RuntimeAppend in Pg_pathman: Achievements and New Challenges
Dealing with partitioned tables we can’t always select relevant partitions
during query planning. Naturally, during query planning you can’t know values
which come from subquery or outer part of nested loop join. Nevertheless, it
would be ridiculous to scan all the partitions in such cases.
This is why my Postgres Professional colleague Dmitry Ivanov developed a
new custom executor node for pg_pathman: RuntimeAppend. This node behaves
like regular Append node: it contains set of children Nodes which should be
appended. However, RuntimeAppend have one distinction: each run it selects
only relevant children to append basing on parameter values.
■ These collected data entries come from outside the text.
Lemma same_block_cross m n x y : (0 < m)%nat -> (1 <= x <= n * m)%nat -> In y (seq (1 + n * m) m) ->
  same_block m x y = 0.
Proof.
  intros Hm Hx Hy. apply in_seq in Hy. unfold same_block.
  rewrite (block_of_range m n y) by lia. pose proof (block_of_lt m n x Hm Hx).
  destruct (Nat.eqb_spec (block_of m x) n); [lia|reflexivity].
Qed.

Lemma same_block_within m n x y : (0 < m)%nat -> In x (seq (1 + n * m) m) -> In y (seq (1 + n * m) m) ->
  same_block m x y = 1.
Proof.
  intros Hm Hx Hy. apply in_seq in Hx, Hy. unfold same_block.
  rewrite (block_of_range m n x), (block_of_range m n y) by lia. rewrite Nat.eqb_refl. reflexivity.
Qed.

Lemma block_quad_form m F n : (0 < m)%nat ->
  rsum (seq 1 (n * m)) (fun x => rsum (seq 1 (n * m)) (fun y => same_block m x y * (F x * F y)))
  = rsum (seq 1 n) (fun j => rsum (block_range m j) F * rsum (block_range m j) F).
Proof.
  intros Hm. induction n as [|n IH]; [reflexivity|].
  replace (S n * m)%nat with (n * m + m)%nat by lia.
  rewrite seq_S, (rsum_app (seq 1 n)), rsum_cons, rsum_nil, Rplus_0_r.
  replace (1 + n)%nat with (S n) by lia. rewrite block_range_succ, <- IH, !seq_app, rsum_app.
  set (B := seq (1 + n * m) m).
  rewrite (rsum_ext (seq 1 (n * m)) _
             (fun x => rsum (seq 1 (n * m)) (fun y => same_block m x y * (F x * F y)))).
  2: { intros x Hx. apply in_seq in Hx. rewrite rsum_app.
       rewrite (rsum_ext B _ (fun _ => 0)), rsum_const; [ring|].
       intros y Hy. rewrite (same_block_cross m n) by (auto; lia). ring. }
  rewrite (rsum_ext B _ (fun x => rsum B F * F x)); [rewrite rsum_scal; reflexivity|].
  intros x Hx. rewrite rsum_app.
  rewrite (rsum_ext (seq 1 (n * m)) _ (fun _ => 0)).
  2: { intros y Hy. apply in_seq in Hy. rewrite same_block_sym, (same_block_cross m n) by (auto; lia). ring. }
  rewrite rsum_const, Rmult_0_r, Rplus_0_l, Rmult_comm, <- rsum_scal.
  apply rsum_ext. intros y Hy. rewrite (same_block_within m n) by auto. ring.
Qed.

Lemma binom2_INR k : INR (binom2 k) = (INR k * INR k - INR k) / 2.
Proof.
  unfold binom2. assert (Heven : exists q, (k * (k - 1) = 2 * q)%nat).
  { induction k as [|k [q Hq]]; [exists 0%nat; lia|]. exists (q + k)%nat. destruct k; simpl in *; nia. }
  destruct Heven as [q Hq]. rewrite Hq, (Nat.mul_comm 2 q), Nat.div_mul by lia.
  assert (Hk : INR (k * (k - 1)) = INR k * INR k - INR k).
  { destruct k; [simpl; ring|]. rewrite mult_INR, minus_INR by lia. simpl (INR 1). ring. }
  rewrite Hq, mult_INR in Hk. simpl (INR 2) in Hk. lra.
Qed.

Lemma pair_count_Qstat m n hs : (0 < m)%nat -> (1 <= n)%nat -> heads_ok (n * m) hs ->
  INR (pair_count m n hs) = (Qstat m hs - 2 * (INR (n * m) - 1)) / 2.
Proof.
  intros Hm Hn Hv. pose proof (heads_ok_length _ _ Hv ltac:(nia)) as Hlen.
  unfold pair_count. rewrite INR_sum_nat.
  rewrite (rsum_ext _ _ (fun j => / 2 * (rsum (block_range m j) (degr hs) * rsum (block_range m j) (degr hs))
                                + (- / 2) * rsum (block_range m j) (degr hs))).
  2: { intros j _. rewrite binom2_INR. unfold degm. rewrite INR_sum_nat.
       unfold block_range, degr, Rdiv. ring. }
  rewrite rsum_add, !rsum_scal, <- block_quad_form, <- rsum_blocks, degr_sum by (auto; nia).
  unfold Qstat. rewrite Hlen. field.
Qed.

Lemma expected_pairs_q_exp beta m n : 0 < beta -> (0 < m)%nat -> (1 <= n)%nat ->
  expected_pairs beta m n = (q_exp beta m (n * m) - 2 * (INR (n * m) - 1)) / 2.
Proof.
  intros Hb Hm Hn.
  change (expected_pairs beta m n)
    with (expect (Defs.dist beta (n * m)) (fun hs => INR (pair_count m n hs))).
  unfold q_exp.
  rewrite (expect_ext _ _ (fun hs => / 2 * Qstat m hs + 0 * Qstat m hs + (- (INR (n * m) - 1)))).
  2: { intros p Hp. rewrite pair_count_Qstat; auto; [field|]. apply (dist_heads_ok beta); auto; nia. }
  rewrite expect_affine, dist_mass by (auto; nia). field.
Qed.

(** * The unfinished block receives O(1/t) heads in expectation *)

Section OpenHeadBound.

Variables (beta : R) (m : nat) (h : nat -> R).
Hypotheses (Hb : 0 < beta) (Hm : (0 < m)%nat).
Hypothesis h_new : forall t, (1 <= t)%nat -> (t mod m = 0)%nat -> h t = 0.
Hypothesis h_succ : forall t, (m <= t)%nat -> ((S t) mod m <> 0)%nat ->
  h (S t) = (1 + 1 / tot_weight beta t) * h t + (beta + 1) * INR (t mod m) / tot_weight beta t.

(* Each step inside a block raises h_t * (k m) by at most this amount. *)
Definition open_const : R := 2 * (beta + 1) * INR m.

Lemma mod_block_offset k j : (j < m)%nat -> ((k * m + j) mod m = j)%nat.
Proof. intros H. rewrite Nat.add_comm, Nat.Div0.mod_add. apply Nat.mod_small; auto. Qed.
Let’s consider example: join of journal table which contains row per each
30 seconds of year partitioned by day, and q table which refers 1000 random
rows of journal table. Without RuntimeAppend optimizer selects Hash Join
The Hash Join execution takes 256 milliseconds for execution and 29 milliseconds
for planning. Relatively high planning time is expected because all the
partitions are present in plan. It’s surprising that optimizer didn’t select
Nested Loop join. Let’s force it to do so by enable_hashjoin = off and
enable_mergejoin = off.
The Nested Loop join with RuntimeAppend takes only about 9 milliseconds
to execute! Such fast execution is possible thanks to RuntimeAppend scans only
one relevant partition of journal for each row of q.
Nevertheless, all the partitions are present in plan and planning time is still
quite high. This relatively high planning time could be not so significant
for prepared statements or long OLAP queries.
However, long planning time appears to be not the only problem. We run a
benchmark when RuntimeAppend node returns just a few rows in prepared statement.
Despite high planning time doesn’t affect prepared statements, TPS was few
time slower than it was without partitioning. After running perf, we got this
flamegraph. This flamegraph shows that
we spend very significant time for locking and unlocking every partition.
Naturally, locking 365 partitions isn’t using fast-path locking and appears to
be significant overhead.
Thus, we see how huge benefit could runtime partition selection have. However,
in current design having all the partitions in plan cause high overhead.
Solution could be found in redesigning partition locking. We are researching
this problem now. It’s likely this problem can’t be solved in the boundaries
of extension and proper solution requires hacking of PostgreSQL core.